Модель историографии, предложенная Лемпицким, включает четыре фазы развития. «Ростки» немецкой литературной науки появляются, по его мнению, в Средневековье, крепнут и развиваются в ренессансной филологии эпохи гуманизма и Реформации; «предпосылки» же ее складываются в литературоведении XVIII в. до Гердера включительно. Третий этап – «основоположение» в культуре романтизма и четвертый – «разработка» в обощающих трудах Георга Готфрида Гервинуса и Вильгельма Шерера—Лемпицкий рассматривал во втором томе своего исследования, рукопись которого, почти законченная, пропала в годы войны после того, как автор ее, профессор Варшавского университета, был расстрелян в 1943 г. в концентрационном лагере Освенцим. Работая над вторым томом, Лемпицкий сознательно довел свое исследование лишь до конца XIX в.; филологию своего времени он из рассмотрения исключил.
В плане концептуализации материала Лемпицкий очерчивает четыре круга вопросов.[65] Во-первых, он прослеживает историю литературной науки по линии дифференциации от а) полигисторства и b) истории всеобщей литературы к с) истории национальной литературы и d) истории поэзии до е) истории жанров. При этом он в качестве одного из приемов описания уже включает историю понятий. Во-вторых, он тематизирует положение науки о литературе в комплексе «наук о духе» (Geisteswissenschaftten) и ее отношение к науке вообще. Особенно выразительно показывает он процесс внедрения в гуманитарную сферу естественнонаучного «натурализма», который «науки о духе» пытаются адаптировать в форме аналогий.

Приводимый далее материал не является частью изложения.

(* Let $n, l_z, l_c \ge 1$ be integers, let $\alpha>0$ and $\beta_d>0$ be constants, and let the following signals be defined on $[0,\infty)$: $e:[0,\infty)\to\mathbb{R}^n$ continuously differentiable; $\delta_3:[0,\infty)\to\mathbb{R}^n$ and $D:[0,\infty)\to\mathbb{R}^n$ twice continuously differentiable; for $j=1,\dots,l_z$, $\tilde z_j:[0,\infty)\to\mathbb{R}$ and $w_j:[0,\infty)\to\mathbb{R}^n$ continuously differentiable, and $\Lambda_j:[0,\infty)\to\mathbb{R}^{l_c}$, $v:[0,\infty)\to\mathbb{R}^{l_c}$, $\tilde w_j:[0,\infty)\to\mathbb{R}^n$ continuous. Define $s(t)\triangleq \dot e(t)+\alpha e(t)$, $$M_1(t)\triangleq\sum_{j=1}^{l_z}\tilde z_j(t)\,w_j(t),\qquad M_2(t)\triangleq\sum_{j=1}^{l_z}\big(\Lambda_j(t)^T v(t)\big)\,\tilde w_j(t).$$ Assume there are positive constants $\dot{\bar\delta}_3,\ddot{\bar\delta}_3,c_{d_1},c_{d_2},c_{M_1},c_{\dot M_1},c_{M_2}$ such that for all $t\ge0$: $\|\dot\delta_3(t)\|_1<\dot{\bar\delta}_3$, $\|\ddot\delta_3(t)\|_1<\ddot{\bar\delta}_3$, $\|\dot D(t)\|\le c_{d_1}$, $\|\ddot D(t)\|\le c_{d_2}$, $\|M_1(t)\|_1<c_{M_1}$, $\|\dot M_1(t)\|_1<c_{\dot M_1}$, $\|M_2(t)\|_1<c_{M_2}$. Define the scalar signal $\Omega$ by $$\Omega(t)=\Omega(0)+\int_0^t\Big[-s(\tau)^T\big(\dot\delta_3(\tau)+\dot D(\tau)-\beta_d\,\mathrm{sgn}(e(\tau))\big)-M_1(\tau)^T\dot e(\tau)-M_2(\tau)^Te(\tau)\Big]d\tau,$$ with $$\Omega(0)=\beta_d\|e(0)\|_1-e(0)^T\big(\dot\delta_3(0)+\dot D(0)+M_1(0)\big).$$ If $$\beta_d\ \ge\ \dot{\bar\delta}_3+c_{d_1}+c_{M_1}+\frac{1}{\alpha}\big(\ddot{\bar\delta}_3+c_{d_2}+c_{\dot M_1}+c_{M_2}\big),$$ then $\Omega(t)\ge0$ for all $t\ge0$.
   Context: $\|\cdot\|$ denotes the Euclidean norm and $\|\cdot\|_1$ the $\ell_1$ norm on $\mathbb{R}^n$; $\mathrm{sgn}(\cdot)$ is the standard sign function applied componentwise (with $\mathrm{sgn}(0)=0$). In the paper's application, $e$ is a filtered tracking error, $\delta_3$ is the estimation error of a steady-state control term, $D(t)=g^{-1}(\bar x(t))d(t)$ is the input-transformed disturbance, $\tilde z_j$ and $\tilde w_j$ are parameter estimation errors of an adaptor network, and $v$ are critic weights; for the lemma only the stated regularity and bounds are used. *)

From Stdlib Require Import Reals Lra.
From Coquelicot Require Import Coquelicot.
Open Scope R_scope.

(* Vectors in R^k are represented as functions nat -> R; only indices i < k matter. *)

Fixpoint sumR (k : nat) (f : nat -> R) : R :=
  match k with
  | O => 0
  | S m => sumR m f + f m
  end.

Definition dotR (k : nat) (x y : nat -> R) : R := sumR k (fun i => x i * y i).
Definition norm2 (k : nat) (x : nat -> R) : R := sqrt (dotR k x x).
Definition norm1 (k : nat) (x : nat -> R) : R := sumR k (fun i => Rabs (x i)).

Definition sgn (x : R) : R :=
  if Rlt_dec 0 x then 1 else if Rlt_dec x 0 then -1 else 0.

Definition cont_on0 (f : R -> R) : Prop :=
  forall t, 0 <= t ->
    filterlim f (within (fun s => 0 <= s) (locally t)) (locally (f t)).

Definition deriv_on0 (f f' : R -> R) : Prop :=
  forall t, 0 <= t ->
    filterlim (fun h => (f (t + h) - f t) / h)
      (within (fun h => h <> 0 /\ 0 <= t + h) (locally 0)) (locally (f' t)).

Definition C1_on0 (f f' : R -> R) : Prop := deriv_on0 f f' /\ cont_on0 f'.

Definition vcont_on0 (k : nat) (f : R -> nat -> R) : Prop :=
  forall i, (i < k)%nat -> cont_on0 (fun t => f t i).
Definition vC1_on0 (k : nat) (f f' : R -> nat -> R) : Prop :=
  forall i, (i < k)%nat -> C1_on0 (fun t => f t i) (fun t => f' t i).

From Stdlib Require Import Reals Lra Lia Classical.
From Coquelicot Require Import Coquelicot.
Open Scope R_scope.

(* With [P := beta_d |e|_1 - e^T (d3' + D' + M1)] the gain condition gives [P >= 0], and
   [Omega 0 = P 0], so it suffices that [Omega - P] is nondecreasing.  Formally its derivative
   is [alpha beta_d |e|_1 + e^T (d3'' + D'' + M1' - alpha (d3' + D') - M2) >= 0]; since [|e|_1]
   is only one-sidedly differentiable and [sgn e] is discontinuous, this is made rigorous
   coordinatewise with right Dini derivatives: at every time the right lower limit of the
   integrand dominates the upper right Dini derivative of [P] (the right derivative of [|e_i|]
   is [sgn(e_i) e_i'], or [|e_i'|] where [e_i = 0]), and a continuous function whose lower
   right Dini derivative is nonnegative is nondecreasing. *)

Lemma sumR_ext (k : nat) (f g : nat -> R) :
  (forall i, (i < k)%nat -> f i = g i) -> sumR k f = sumR k g.
Proof.
  induction k as [|k IH]; intros Hfg; simpl; [reflexivity|].
  rewrite IH, Hfg; [reflexivity|lia|intros i Hi; apply Hfg; lia].
Qed.

Lemma sumR_opp (k : nat) (f : nat -> R) : sumR k (fun i => - f i) = - sumR k f.
Proof. induction k as [|k IH]; simpl; [ring|rewrite IH; ring]. Qed.

Lemma sumR_minus (k : nat) (f g : nat -> R) :
  sumR k (fun i => f i - g i) = sumR k f - sumR k g.
Proof. induction k as [|k IH]; simpl; [ring|rewrite IH; ring]. Qed.

Lemma sumR_scal (k : nat) (c : R) (f : nat -> R) : sumR k (fun i => c * f i) = c * sumR k f.
Proof. induction k as [|k IH]; simpl; [ring|rewrite IH; ring]. Qed.

Lemma sumR_nonneg (k : nat) (f : nat -> R) :
  (forall i, (i < k)%nat -> 0 <= f i) -> 0 <= sumR k f.
Proof.
  induction k as [|k IH]; intros Hf; simpl; [lra|].
  assert (0 <= sumR k f) by (apply IH; intros; apply Hf; lia).
  assert (0 <= f k) by (apply Hf; lia); lra.
Qed.

Lemma sumR_ge_term (k i : nat) (f : nat -> R) :
  (forall j, (j < k)%nat -> 0 <= f j) -> (i < k)%nat -> f i <= sumR k f.
Proof.
  induction k as [|k IH]; intros Hf Hi; simpl; [lia|].
  assert (0 <= sumR k f) by (apply sumR_nonneg; intros; apply Hf; lia).
  destruct (Nat.eq_dec i k) as [->|Hik]; [lra|].
  assert (f i <= sumR k f) by (apply IH; [intros; apply Hf|]; lia).
  assert (0 <= f k) by (apply Hf; lia); lra.
Qed.

Lemma Rabs_le_norm1 (k i : nat) (x : nat -> R) : (i < k)%nat -> Rabs (x i) <= norm1 k x.
Proof. intros Hi; apply (sumR_ge_term k i (fun j => Rabs (x j))); auto using Rabs_pos. Qed.
Lemma infinite_sum_ge (e : nat -> R) (L c : R) (n0 : nat) :
  infinite_sum e L -> (forall n, (n0 <= n)%nat -> c <= sum_f_R0 e n) -> c <= L.
Proof.
  intros HL Hn. destruct (Rle_lt_dec c L) as [|Hlt]; auto.
  destruct (HL (c - L) ltac:(lra)) as [N HN].
  specialize (HN (Nat.max N n0) ltac:(lia)). specialize (Hn (Nat.max N n0) ltac:(lia)).
  unfold Rdist in HN. apply Rabs_def2 in HN. lra.
Qed.
(* With [D n := sum_(k<=n) (f k - g k) / 2^(k+1) - 1/2^(n+1)] one has [D N = 0] and
   [D (n+1) = D n + (f (n+1) - g (n+1) + 1) / 2^(n+2)], with nonnegative increments. *)
Lemma binary_difference_partial_sums (f g : nat -> R) (N : nat) :
  (forall n, f n = 0 \/ f n = 1) -> (forall n, g n = 0 \/ g n = 1) ->
  (forall k, (k < N)%nat -> f k = g k) -> g N = 0 -> f N = 1 ->
  forall n, (N <= n)%nat ->
    0 <= sum_f_R0 (fun k => (f k - g k) / 2 ^ S k) n /\
    forall k, (N < k <= n)%nat ->
      (f k - g k + 1) / 2 ^ S k <= sum_f_R0 (fun k => (f k - g k) / 2 ^ S k) n.
Proof.
  intros Hf Hg Hbefore HgN HfN.
  set (e n := (f n - g n) / 2 ^ S n).
  assert (Hw : forall n, 0 < / 2 ^ S n) by (intros; apply Rinv_0_lt_compat, pow_lt; lra).
  assert (Hhalf : forall n, / 2 ^ S n = 2 * / 2 ^ S (S n)).
  { intros n. simpl. field. apply pow_nonzero. lra. }
  set (D n := sum_f_R0 e n - / 2 ^ S n).
  set (c k := (f k - g k + 1) / 2 ^ S k).
  assert (Hc : forall k, 0 <= c k).
  { intros k. unfold c, Rdiv. apply Rmult_le_pos; [|left; apply Hw].
    destruct (Hf k) as [-> | ->]; destruct (Hg k) as [-> | ->]; lra. }
  assert (HDstep : forall n, D (S n) = D n + c (S n)).
  { intros n. unfold D, c. simpl (sum_f_R0 e (S n)). rewrite (Hhalf n). unfold e, Rdiv. ring. }
  assert (HDN : D N = 0).
  { assert (Hzero : forall n, (n < N)%nat -> sum_f_R0 e n = 0).
    { induction n as [|n IH]; intros Hn; cbn [sum_f_R0]; [|rewrite IH by lia];
        unfold e; rewrite Hbefore by lia; unfold Rdiv; ring. }
    unfold D. destruct N as [|N']; cbn [sum_f_R0]; [|rewrite Hzero by lia];
      unfold e; rewrite HfN, HgN; field; apply pow_nonzero; lra. }
  assert (HDmono : forall n j, D n <= D (n + j)%nat).
  { intros n j. induction j as [|j IH]; [rewrite Nat.add_0_r; lra|].
    rewrite <- plus_n_Sm, HDstep. pose proof (Hc (S (n + j))). lra. }
  intros n Hn. fold e. pose proof (Hw n).
  replace n with (N + (n - N))%nat in * by lia. pose proof (HDmono N (n - N)%nat).
  unfold D in *. split; [lra|].
  intros [|k'] Hk; [lia|].
  pose proof (HDmono N (k' - N)%nat). pose proof (HDmono (S k') (n - S k')%nat).
  replace (N + (k' - N))%nat with k' in * by lia.
  replace (S k' + (n - S k'))%nat with (N + (n - N))%nat in * by lia.
  rewrite HDstep in *. unfold D in *. fold (c (S k')). lra.
Qed.

Lemma binary_series_first_difference (f g : nat -> R) (N : nat) :
  (forall n, f n = 0 \/ f n = 1) -> (forall n, g n = 0 \/ g n = 1) ->
  (forall k, (k < N)%nat -> f k = g k) -> g N = 0 -> f N = 1 ->
  Series (fun n => g n / 2 ^ S n) <= Series (fun n => f n / 2 ^ S n) /\
  (Series (fun n => g n / 2 ^ S n) = Series (fun n => f n / 2 ^ S n) ->
   forall k, (N < k)%nat -> f k = 0 /\ g k = 1).
Proof.
  intros Hf Hg Hbefore HgN HfN.
  pose proof (binary_difference_partial_sums f g N Hf Hg Hbefore HgN HfN) as Hpartial.
  set (e n := (f n - g n) / 2 ^ S n) in *.
  assert (Hdiff : Series (fun n => f n / 2 ^ S n) - Series (fun n => g n / 2 ^ S n) = Series e).
  { rewrite <- Series_minus by (apply ex_series_binary; auto).
    apply Series_ext. intros n. unfold e, Rdiv. ring. }
  assert (Hsum : infinite_sum e (Series e)).
  { apply is_series_Reals, Series_correct.
    apply (ex_series_ext (fun n => f n / 2 ^ S n - g n / 2 ^ S n)).
    { intros n. change (f n / 2 ^ S n - g n / 2 ^ S n = e n). unfold e, Rdiv. ring. }
    apply (ex_series_minus (V := R_NormedModule)); apply ex_series_binary; auto. }
  split.
  - assert (0 <= Series e); [|lra].
    apply (infinite_sum_ge e _ _ N Hsum). intros n Hn. apply (Hpartial n Hn).
  - intros Heq k Hk.
    assert (Hck : (f k - g k + 1) / 2 ^ S k <= 0).
    { rewrite <- Heq in Hdiff. replace 0 with (Series e) by lra.
      apply (infinite_sum_ge e _ _ k Hsum). intros n Hn. apply (Hpartial n ltac:(lia)). lia. }
    assert (Hw : 0 < / 2 ^ S k) by (apply Rinv_0_lt_compat, pow_lt; lra).
    unfold Rdiv in Hck.
    destruct (Hf k) as [E1|E1]; destruct (Hg k) as [E2|E2]; rewrite E1, E2 in *; split; nra.
Qed.

Section DeckShuffler.

Variables (m : nat) (a b : nat -> R).
Hypothesis hl : length_vector m a b.

Local Notation Tl := (T m a b).
Local Notation Tn n := (Nat.iter n (T m a b)).
Local Notation chi := (chiB m a b).

Lemma a_pos i : (i < m)%nat -> 0 < a i.
Proof. destruct hl as (_ & Ha & _); auto. Qed.

Lemma b_pos i : (i < m)%nat -> 0 < b i.
Proof. destruct hl as (_ & _ & Hb & _); auto. Qed.

Lemma lengths_sum_1 : rsum a m + rsum b m = 1.
Proof. destruct hl as (_ & _ & _ & Hs); auto. Qed.

Lemma rsum_a_le i j : (i <= j <= m)%nat -> rsum a i <= rsum a j.
Proof. apply (rsum_le_mono a m a_pos). Qed.

Lemma rsum_b_le i j : (i <= j <= m)%nat -> rsum b i <= rsum b j.
Proof. apply (rsum_le_mono b m b_pos). Qed.

Lemma rsum_a_succ_le i j : (i < j <= m)%nat -> rsum a i + a i <= rsum a j.
Proof. intros Hij. apply (rsum_a_le (S i) j). lia. Qed.

Lemma rsum_b_succ_le i j : (i < j <= m)%nat -> rsum b i + b i <= rsum b j.
Proof. intros Hij. apply (rsum_b_le (S i) j). lia. Qed.

Lemma inA_lt_alpha i x : (i < m)%nat -> inA a i x -> x < rsum a m.
Proof.
  intros Hi [_ Hx]. unfold leftA in Hx. pose proof (rsum_a_succ_le i m ltac:(lia)). lra.
Qed.

Lemma inB_ge_alpha i x : (i < m)%nat -> inB m a b i x -> rsum a m <= x.
Proof.
  intros Hi [Hx _]. unfold leftB in Hx. pose proof (rsum_b_le 0 i ltac:(lia)). simpl in *. lra.
Qed.

Lemma inA_unique i j x : (i < m)%nat -> (j < m)%nat -> inA a i x -> inA a j x -> i = j.
Proof.
  intros Hi Hj [Hi1 Hi2] [Hj1 Hj2]. unfold leftA in *.
  destruct (Nat.lt_trichotomy i j) as [Hlt|[Heq|Hlt]]; auto; exfalso.
  - pose proof (rsum_a_succ_le i j ltac:(lia)). lra.
  - pose proof (rsum_a_succ_le j i ltac:(lia)). lra.
Qed.

Lemma inB_unique i j x : (i < m)%nat -> (j < m)%nat -> inB m a b i x -> inB m a b j x -> i = j.
Proof.
  intros Hi Hj [Hi1 Hi2] [Hj1 Hj2]. unfold leftB in *.
  destruct (Nat.lt_trichotomy i j) as [Hlt|[Heq|Hlt]]; auto; exfalso.
  - pose proof (rsum_b_succ_le i j ltac:(lia)). lra.
  - pose proof (rsum_b_succ_le j i ltac:(lia)). lra.
Qed.

Lemma T_on_A i x : (i < m)%nat -> inA a i x -> Tl x = x + rsum b (S i).
Proof.
  intros Hi HA. unfold T.
  rewrite (rsum_indicator_single (fun j => inA a j x) (fun j => rsum b (S j)) m i Hi).
  2:{ intros j Hj. split; [intros; eapply inA_unique; eauto | intros ->; auto]. }
  rewrite rsum_indicator_zero; [lra|].
  intros j Hj HB. pose proof (inA_lt_alpha i x Hi HA). pose proof (inB_ge_alpha j x Hj HB). lra.
Qed.

Lemma T_on_B i x : (i < m)%nat -> inB m a b i x -> Tl x = x - (rsum a m - rsum a i).
Proof.
  intros Hi HB. unfold T.
  rewrite (rsum_indicator_single (fun j => inB m a b j x) (fun j => rsum a m - rsum a j) m i Hi).
  2:{ intros j Hj. split; [intros; eapply inB_unique; eauto | intros ->; auto]. }
  rewrite rsum_indicator_zero; [lra|].
  intros j Hj HA. pose proof (inA_lt_alpha j x Hj HA). pose proof (inB_ge_alpha i x Hi HB). lra.
Qed.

«Тремя последовательными ударами внедряется этот методологический натурализм в науки о духе, оставляя свои следы и в области естествознания. Сначала в форме механистических аналогий, характерных для XVII столетия, когда, с одной стороны, пытались объяснять сущность исторических явлений исходя из климатических условий (Дюбо, Монтескье, Тампль, Уоттон, Бодмер, Гердер), а с другой, рассматривали психическую жизнь по законам механики (картезианская теория аффектов). Затем Шефтсбери, Гёте, Гердер и романтики применяют к изучению литературных произведений аналогию динамико-органическую. Наконец, следует аналогия биолого-эволюционистская, овладевающая сознанием ученых в эпоху позитивизма, когда она определяет, например, конепции Тэна, Шерера, а с другой стороны – жанровую теорию Брюнетьера».[66]